• **DIRECTIONS**:
Write out exactly the lines of the entries below from the one holding "Lemma dual_horner_lead (r" to the one holding "by rewrite Cayley_Hamilton mulmx0.", inclusive, and leave out all other lines.
##############################
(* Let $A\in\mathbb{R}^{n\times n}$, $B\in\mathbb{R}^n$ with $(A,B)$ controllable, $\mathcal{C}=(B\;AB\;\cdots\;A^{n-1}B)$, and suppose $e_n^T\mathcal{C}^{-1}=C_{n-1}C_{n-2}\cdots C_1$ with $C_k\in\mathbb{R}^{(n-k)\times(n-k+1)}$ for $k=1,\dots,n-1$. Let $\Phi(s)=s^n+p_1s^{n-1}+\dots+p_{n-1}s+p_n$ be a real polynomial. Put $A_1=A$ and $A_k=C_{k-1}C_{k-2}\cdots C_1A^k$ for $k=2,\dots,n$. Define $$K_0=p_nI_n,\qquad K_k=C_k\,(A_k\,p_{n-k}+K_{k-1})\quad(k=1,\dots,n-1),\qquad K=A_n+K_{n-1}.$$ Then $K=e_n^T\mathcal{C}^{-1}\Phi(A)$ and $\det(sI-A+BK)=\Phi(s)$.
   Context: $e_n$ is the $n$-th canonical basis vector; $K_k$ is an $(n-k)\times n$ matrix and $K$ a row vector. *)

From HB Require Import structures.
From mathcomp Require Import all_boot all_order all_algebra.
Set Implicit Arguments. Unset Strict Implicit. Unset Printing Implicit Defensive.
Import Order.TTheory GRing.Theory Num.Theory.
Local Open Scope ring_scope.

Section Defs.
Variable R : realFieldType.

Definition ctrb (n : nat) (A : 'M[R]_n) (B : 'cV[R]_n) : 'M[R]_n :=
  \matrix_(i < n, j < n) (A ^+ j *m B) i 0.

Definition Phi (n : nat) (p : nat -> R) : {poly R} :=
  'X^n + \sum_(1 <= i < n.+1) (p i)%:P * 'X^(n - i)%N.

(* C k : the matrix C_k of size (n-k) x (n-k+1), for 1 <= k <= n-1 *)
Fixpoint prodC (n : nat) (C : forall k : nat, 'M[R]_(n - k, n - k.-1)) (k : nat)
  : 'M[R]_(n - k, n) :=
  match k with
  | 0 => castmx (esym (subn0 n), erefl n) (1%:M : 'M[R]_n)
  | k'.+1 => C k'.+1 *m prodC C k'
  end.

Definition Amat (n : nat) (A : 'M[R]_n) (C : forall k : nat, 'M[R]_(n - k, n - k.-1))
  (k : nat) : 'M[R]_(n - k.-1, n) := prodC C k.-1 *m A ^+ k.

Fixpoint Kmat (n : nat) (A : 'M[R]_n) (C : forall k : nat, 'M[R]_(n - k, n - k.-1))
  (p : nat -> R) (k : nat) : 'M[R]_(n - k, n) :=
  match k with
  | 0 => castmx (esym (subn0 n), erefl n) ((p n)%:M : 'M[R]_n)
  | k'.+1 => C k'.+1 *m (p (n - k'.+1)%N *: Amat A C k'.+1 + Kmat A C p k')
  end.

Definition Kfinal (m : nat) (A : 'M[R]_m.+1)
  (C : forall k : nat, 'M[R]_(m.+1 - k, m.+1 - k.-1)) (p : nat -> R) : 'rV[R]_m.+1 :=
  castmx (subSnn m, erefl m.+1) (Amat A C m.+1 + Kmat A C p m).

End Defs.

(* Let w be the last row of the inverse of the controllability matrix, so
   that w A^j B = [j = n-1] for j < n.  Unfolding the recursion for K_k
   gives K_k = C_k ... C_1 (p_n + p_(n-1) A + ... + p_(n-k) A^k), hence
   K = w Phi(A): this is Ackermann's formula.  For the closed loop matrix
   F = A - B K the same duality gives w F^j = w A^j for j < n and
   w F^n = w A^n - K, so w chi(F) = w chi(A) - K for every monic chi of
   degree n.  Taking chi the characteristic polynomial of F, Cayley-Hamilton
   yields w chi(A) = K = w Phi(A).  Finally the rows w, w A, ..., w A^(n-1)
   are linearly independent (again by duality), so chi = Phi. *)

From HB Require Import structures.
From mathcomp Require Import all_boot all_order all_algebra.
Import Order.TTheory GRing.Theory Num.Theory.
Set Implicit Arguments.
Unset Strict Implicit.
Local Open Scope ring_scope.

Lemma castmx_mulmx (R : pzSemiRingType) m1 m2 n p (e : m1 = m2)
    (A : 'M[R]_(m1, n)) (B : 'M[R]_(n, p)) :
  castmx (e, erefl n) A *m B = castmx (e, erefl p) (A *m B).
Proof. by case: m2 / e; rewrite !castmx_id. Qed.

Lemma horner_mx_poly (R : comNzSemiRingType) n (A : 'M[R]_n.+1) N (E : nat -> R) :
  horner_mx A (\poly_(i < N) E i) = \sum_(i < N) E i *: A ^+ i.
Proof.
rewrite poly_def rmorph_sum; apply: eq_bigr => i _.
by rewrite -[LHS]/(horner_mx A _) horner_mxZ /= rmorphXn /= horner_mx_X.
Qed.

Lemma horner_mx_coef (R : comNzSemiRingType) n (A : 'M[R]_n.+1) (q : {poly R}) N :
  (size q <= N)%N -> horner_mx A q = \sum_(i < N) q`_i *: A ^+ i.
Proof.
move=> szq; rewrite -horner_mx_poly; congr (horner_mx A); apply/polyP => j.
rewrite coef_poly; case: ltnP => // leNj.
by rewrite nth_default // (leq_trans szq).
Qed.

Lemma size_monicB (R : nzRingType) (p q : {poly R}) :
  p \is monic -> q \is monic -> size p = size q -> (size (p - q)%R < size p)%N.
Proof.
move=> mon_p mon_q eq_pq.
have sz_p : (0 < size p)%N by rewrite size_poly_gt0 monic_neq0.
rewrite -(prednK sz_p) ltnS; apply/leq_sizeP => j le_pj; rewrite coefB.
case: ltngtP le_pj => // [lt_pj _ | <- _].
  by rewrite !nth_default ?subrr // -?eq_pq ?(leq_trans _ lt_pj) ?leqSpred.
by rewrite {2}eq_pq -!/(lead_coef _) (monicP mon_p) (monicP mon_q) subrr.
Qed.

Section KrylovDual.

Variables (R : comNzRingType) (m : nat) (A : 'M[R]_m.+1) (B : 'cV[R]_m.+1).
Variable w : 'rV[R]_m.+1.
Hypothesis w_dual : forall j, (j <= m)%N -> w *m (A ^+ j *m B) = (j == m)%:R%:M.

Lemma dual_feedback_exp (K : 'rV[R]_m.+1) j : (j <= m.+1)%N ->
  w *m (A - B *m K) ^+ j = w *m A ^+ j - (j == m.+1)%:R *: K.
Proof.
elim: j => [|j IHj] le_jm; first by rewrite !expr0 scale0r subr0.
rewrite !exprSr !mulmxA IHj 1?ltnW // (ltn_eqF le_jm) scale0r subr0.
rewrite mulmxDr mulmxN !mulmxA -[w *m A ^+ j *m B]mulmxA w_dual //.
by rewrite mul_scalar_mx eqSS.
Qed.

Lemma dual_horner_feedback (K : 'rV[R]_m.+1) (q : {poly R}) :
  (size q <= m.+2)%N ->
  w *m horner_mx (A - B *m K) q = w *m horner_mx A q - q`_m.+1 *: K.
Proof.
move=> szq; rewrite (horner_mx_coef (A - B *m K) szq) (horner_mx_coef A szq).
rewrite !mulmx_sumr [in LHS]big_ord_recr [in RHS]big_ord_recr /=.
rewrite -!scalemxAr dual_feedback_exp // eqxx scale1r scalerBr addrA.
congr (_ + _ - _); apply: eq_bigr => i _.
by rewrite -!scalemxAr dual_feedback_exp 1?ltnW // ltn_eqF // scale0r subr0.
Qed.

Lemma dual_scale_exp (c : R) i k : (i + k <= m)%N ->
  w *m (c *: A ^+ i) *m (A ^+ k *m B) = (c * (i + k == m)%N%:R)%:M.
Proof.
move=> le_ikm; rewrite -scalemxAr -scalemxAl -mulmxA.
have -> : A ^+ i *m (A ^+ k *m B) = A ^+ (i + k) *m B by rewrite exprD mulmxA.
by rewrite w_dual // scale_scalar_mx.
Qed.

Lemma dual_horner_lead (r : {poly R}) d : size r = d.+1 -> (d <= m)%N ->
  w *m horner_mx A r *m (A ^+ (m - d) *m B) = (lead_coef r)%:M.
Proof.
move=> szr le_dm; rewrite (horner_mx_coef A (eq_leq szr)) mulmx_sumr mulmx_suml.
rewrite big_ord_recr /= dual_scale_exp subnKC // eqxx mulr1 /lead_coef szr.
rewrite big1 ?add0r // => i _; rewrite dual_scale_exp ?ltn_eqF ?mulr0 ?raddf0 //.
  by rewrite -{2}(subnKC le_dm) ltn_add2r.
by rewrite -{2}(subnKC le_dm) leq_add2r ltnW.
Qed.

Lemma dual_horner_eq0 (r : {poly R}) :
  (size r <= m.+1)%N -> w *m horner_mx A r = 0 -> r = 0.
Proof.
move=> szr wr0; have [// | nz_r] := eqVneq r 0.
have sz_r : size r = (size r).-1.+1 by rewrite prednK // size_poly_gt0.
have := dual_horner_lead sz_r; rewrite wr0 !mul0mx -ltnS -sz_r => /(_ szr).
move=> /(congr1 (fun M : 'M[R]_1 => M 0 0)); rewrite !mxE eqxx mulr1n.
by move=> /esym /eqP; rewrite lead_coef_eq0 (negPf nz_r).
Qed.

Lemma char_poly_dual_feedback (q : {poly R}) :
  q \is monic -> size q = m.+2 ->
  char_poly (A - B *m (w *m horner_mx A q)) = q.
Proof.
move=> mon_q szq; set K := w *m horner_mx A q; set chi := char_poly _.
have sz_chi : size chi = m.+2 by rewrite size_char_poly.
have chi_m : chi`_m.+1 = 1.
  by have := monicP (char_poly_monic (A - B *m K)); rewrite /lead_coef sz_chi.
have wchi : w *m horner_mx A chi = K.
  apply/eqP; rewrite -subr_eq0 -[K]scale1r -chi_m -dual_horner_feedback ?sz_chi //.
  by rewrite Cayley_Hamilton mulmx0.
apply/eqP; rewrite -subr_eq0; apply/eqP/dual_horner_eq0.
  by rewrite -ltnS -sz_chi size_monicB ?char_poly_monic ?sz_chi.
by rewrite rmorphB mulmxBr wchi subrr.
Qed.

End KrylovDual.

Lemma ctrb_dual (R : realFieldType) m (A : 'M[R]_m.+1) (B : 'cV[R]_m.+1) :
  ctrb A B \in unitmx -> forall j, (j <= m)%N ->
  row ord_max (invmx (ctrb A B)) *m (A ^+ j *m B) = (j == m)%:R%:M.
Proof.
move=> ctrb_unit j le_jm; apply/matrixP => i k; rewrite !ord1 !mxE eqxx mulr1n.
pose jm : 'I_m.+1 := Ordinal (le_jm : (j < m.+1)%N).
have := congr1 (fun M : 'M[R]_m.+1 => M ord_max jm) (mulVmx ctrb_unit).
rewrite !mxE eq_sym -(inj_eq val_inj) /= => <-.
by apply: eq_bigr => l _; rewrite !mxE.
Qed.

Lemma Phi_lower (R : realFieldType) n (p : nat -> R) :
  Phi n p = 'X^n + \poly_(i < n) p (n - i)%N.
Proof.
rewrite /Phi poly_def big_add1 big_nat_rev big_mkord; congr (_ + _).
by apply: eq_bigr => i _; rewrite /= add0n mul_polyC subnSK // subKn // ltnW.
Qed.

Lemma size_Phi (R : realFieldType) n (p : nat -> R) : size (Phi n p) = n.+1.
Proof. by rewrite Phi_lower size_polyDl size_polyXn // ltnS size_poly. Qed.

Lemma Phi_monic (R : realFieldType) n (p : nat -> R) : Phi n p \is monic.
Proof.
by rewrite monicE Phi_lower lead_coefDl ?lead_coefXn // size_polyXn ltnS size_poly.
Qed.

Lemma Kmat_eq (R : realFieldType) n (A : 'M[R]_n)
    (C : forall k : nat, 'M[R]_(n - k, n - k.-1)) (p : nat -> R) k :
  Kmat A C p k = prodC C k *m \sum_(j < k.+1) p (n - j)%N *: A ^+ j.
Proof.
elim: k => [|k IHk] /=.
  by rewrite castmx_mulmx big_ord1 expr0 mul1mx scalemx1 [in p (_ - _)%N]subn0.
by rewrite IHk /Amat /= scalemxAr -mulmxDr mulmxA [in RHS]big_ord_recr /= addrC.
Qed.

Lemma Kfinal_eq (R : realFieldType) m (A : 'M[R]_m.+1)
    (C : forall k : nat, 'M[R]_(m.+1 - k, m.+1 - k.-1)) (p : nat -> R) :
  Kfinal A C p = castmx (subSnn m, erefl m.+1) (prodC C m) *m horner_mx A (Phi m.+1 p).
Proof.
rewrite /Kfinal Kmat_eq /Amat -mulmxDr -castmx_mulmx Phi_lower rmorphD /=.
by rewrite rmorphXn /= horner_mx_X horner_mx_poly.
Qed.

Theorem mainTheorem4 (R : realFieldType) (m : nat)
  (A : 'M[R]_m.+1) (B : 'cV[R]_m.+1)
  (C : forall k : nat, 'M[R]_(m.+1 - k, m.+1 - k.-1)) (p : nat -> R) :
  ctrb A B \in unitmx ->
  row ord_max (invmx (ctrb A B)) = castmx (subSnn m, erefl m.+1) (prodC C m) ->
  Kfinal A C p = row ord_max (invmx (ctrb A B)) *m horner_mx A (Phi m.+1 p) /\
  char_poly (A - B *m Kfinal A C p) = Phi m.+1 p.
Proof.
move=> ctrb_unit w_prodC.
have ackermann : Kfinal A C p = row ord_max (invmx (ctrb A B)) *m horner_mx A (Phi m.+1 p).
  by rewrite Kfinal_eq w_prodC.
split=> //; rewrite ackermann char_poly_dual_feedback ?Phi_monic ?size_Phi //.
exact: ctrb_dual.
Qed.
##############################
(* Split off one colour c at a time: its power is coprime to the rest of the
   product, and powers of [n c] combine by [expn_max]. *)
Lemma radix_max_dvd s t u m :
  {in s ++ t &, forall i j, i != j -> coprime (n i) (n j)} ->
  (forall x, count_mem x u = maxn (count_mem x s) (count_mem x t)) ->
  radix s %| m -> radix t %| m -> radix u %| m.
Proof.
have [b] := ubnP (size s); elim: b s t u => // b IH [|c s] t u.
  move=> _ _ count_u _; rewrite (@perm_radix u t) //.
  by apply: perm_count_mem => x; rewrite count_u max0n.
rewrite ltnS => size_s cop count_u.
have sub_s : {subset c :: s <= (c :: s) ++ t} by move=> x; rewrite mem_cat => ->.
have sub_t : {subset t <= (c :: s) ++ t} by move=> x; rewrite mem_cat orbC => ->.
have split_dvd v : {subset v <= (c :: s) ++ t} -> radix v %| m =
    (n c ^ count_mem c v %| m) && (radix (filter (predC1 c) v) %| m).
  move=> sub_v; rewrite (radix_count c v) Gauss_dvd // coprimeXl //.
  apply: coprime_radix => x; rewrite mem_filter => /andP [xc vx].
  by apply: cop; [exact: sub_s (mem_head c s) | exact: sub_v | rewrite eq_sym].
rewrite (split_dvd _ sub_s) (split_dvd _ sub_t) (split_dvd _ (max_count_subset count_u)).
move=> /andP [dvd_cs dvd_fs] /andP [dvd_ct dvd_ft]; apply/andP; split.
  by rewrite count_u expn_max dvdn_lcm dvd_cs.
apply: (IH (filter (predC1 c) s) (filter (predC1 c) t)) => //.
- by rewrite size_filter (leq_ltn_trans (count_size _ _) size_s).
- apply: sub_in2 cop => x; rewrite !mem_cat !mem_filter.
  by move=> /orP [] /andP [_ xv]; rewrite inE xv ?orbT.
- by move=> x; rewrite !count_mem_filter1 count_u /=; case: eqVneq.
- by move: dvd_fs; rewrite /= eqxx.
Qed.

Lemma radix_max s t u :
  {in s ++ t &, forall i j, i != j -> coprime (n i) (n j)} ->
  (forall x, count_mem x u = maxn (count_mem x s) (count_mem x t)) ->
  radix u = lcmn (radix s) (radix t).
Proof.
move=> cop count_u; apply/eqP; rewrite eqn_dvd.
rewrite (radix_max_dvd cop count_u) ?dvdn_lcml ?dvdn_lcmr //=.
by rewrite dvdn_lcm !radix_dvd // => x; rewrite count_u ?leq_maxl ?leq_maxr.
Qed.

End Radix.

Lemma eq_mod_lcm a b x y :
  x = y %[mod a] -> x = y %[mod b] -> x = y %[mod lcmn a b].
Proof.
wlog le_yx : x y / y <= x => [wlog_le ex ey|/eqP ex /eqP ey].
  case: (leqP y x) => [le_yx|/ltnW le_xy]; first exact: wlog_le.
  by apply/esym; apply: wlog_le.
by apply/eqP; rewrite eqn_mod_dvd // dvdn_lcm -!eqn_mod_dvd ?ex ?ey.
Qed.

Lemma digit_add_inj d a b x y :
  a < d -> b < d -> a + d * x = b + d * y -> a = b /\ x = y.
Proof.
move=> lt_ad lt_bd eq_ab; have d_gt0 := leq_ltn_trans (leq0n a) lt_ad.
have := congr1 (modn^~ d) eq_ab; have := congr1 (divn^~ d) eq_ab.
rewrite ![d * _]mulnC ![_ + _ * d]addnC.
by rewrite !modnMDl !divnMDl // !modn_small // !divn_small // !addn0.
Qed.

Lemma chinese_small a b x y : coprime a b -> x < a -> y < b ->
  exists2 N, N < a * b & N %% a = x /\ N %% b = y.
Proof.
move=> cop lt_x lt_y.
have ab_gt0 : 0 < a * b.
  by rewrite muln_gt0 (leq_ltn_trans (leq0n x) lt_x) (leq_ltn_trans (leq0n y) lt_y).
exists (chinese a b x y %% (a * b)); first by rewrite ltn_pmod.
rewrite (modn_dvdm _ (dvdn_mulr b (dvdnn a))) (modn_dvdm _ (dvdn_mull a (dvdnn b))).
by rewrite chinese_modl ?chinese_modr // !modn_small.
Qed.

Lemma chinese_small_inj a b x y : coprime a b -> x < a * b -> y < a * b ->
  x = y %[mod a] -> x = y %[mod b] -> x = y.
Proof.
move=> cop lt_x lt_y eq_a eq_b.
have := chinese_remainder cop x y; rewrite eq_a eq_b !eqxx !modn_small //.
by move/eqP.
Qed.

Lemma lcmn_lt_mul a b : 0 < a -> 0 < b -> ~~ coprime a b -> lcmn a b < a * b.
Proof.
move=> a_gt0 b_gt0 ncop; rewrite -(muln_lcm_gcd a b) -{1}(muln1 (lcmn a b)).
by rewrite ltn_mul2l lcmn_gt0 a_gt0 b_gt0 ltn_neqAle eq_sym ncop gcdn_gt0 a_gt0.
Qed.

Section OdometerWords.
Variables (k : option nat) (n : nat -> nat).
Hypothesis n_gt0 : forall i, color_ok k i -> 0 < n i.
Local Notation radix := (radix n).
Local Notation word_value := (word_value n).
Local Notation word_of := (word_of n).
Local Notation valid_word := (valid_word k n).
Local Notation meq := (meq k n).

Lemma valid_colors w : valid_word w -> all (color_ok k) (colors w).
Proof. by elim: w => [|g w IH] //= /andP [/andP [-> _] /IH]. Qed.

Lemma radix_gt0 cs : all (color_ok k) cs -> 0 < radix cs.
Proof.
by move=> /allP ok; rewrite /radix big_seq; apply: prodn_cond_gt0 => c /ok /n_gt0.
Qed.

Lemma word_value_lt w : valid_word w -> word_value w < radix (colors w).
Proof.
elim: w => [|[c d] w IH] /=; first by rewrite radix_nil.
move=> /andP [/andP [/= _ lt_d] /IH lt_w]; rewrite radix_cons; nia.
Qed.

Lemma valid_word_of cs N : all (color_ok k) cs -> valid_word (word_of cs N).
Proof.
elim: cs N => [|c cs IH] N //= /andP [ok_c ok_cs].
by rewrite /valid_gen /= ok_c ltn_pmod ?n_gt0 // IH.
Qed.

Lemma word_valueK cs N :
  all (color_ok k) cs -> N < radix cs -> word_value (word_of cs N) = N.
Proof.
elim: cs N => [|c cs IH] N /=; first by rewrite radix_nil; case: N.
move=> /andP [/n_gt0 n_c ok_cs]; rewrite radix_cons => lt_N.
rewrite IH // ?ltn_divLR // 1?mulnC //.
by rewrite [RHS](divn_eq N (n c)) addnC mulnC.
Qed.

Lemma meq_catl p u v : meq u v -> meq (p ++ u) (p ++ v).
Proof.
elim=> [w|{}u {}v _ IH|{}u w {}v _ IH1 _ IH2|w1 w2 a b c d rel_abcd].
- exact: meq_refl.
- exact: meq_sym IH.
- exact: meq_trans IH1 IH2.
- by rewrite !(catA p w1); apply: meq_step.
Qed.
##############################
• **ANSWER BOX**:
Lemma dual_horner_lead (r : {poly R}) d : size r = d.+1 -> (d <= m)%N ->
  w *m horner_mx A r *m (A ^+ (m - d) *m B) = (lead_coef r)%:M.
Proof.
move=> szr le_dm; rewrite (horner_mx_coef A (eq_leq szr)) mulmx_sumr mulmx_suml.
rewrite big_ord_recr /= dual_scale_exp subnKC // eqxx mulr1 /lead_coef szr.
rewrite big1 ?add0r // => i _; rewrite dual_scale_exp ?ltn_eqF ?mulr0 ?raddf0 //.
  by rewrite -{2}(subnKC le_dm) ltn_add2r.
by rewrite -{2}(subnKC le_dm) leq_add2r ltnW.
Qed.

Lemma dual_horner_eq0 (r : {poly R}) :
  (size r <= m.+1)%N -> w *m horner_mx A r = 0 -> r = 0.
Proof.
move=> szr wr0; have [// | nz_r] := eqVneq r 0.
have sz_r : size r = (size r).-1.+1 by rewrite prednK // size_poly_gt0.
have := dual_horner_lead sz_r; rewrite wr0 !mul0mx -ltnS -sz_r => /(_ szr).
move=> /(congr1 (fun M : 'M[R]_1 => M 0 0)); rewrite !mxE eqxx mulr1n.
by move=> /esym /eqP; rewrite lead_coef_eq0 (negPf nz_r).
Qed.

Lemma char_poly_dual_feedback (q : {poly R}) :
  q \is monic -> size q = m.+2 ->
  char_poly (A - B *m (w *m horner_mx A q)) = q.
Proof.
move=> mon_q szq; set K := w *m horner_mx A q; set chi := char_poly _.
have sz_chi : size chi = m.+2 by rewrite size_char_poly.
have chi_m : chi`_m.+1 = 1.
  by have := monicP (char_poly_monic (A - B *m K)); rewrite /lead_coef sz_chi.
have wchi : w *m horner_mx A chi = K.
  apply/eqP; rewrite -subr_eq0 -[K]scale1r -chi_m -dual_horner_feedback ?sz_chi //.
  by rewrite Cayley_Hamilton mulmx0.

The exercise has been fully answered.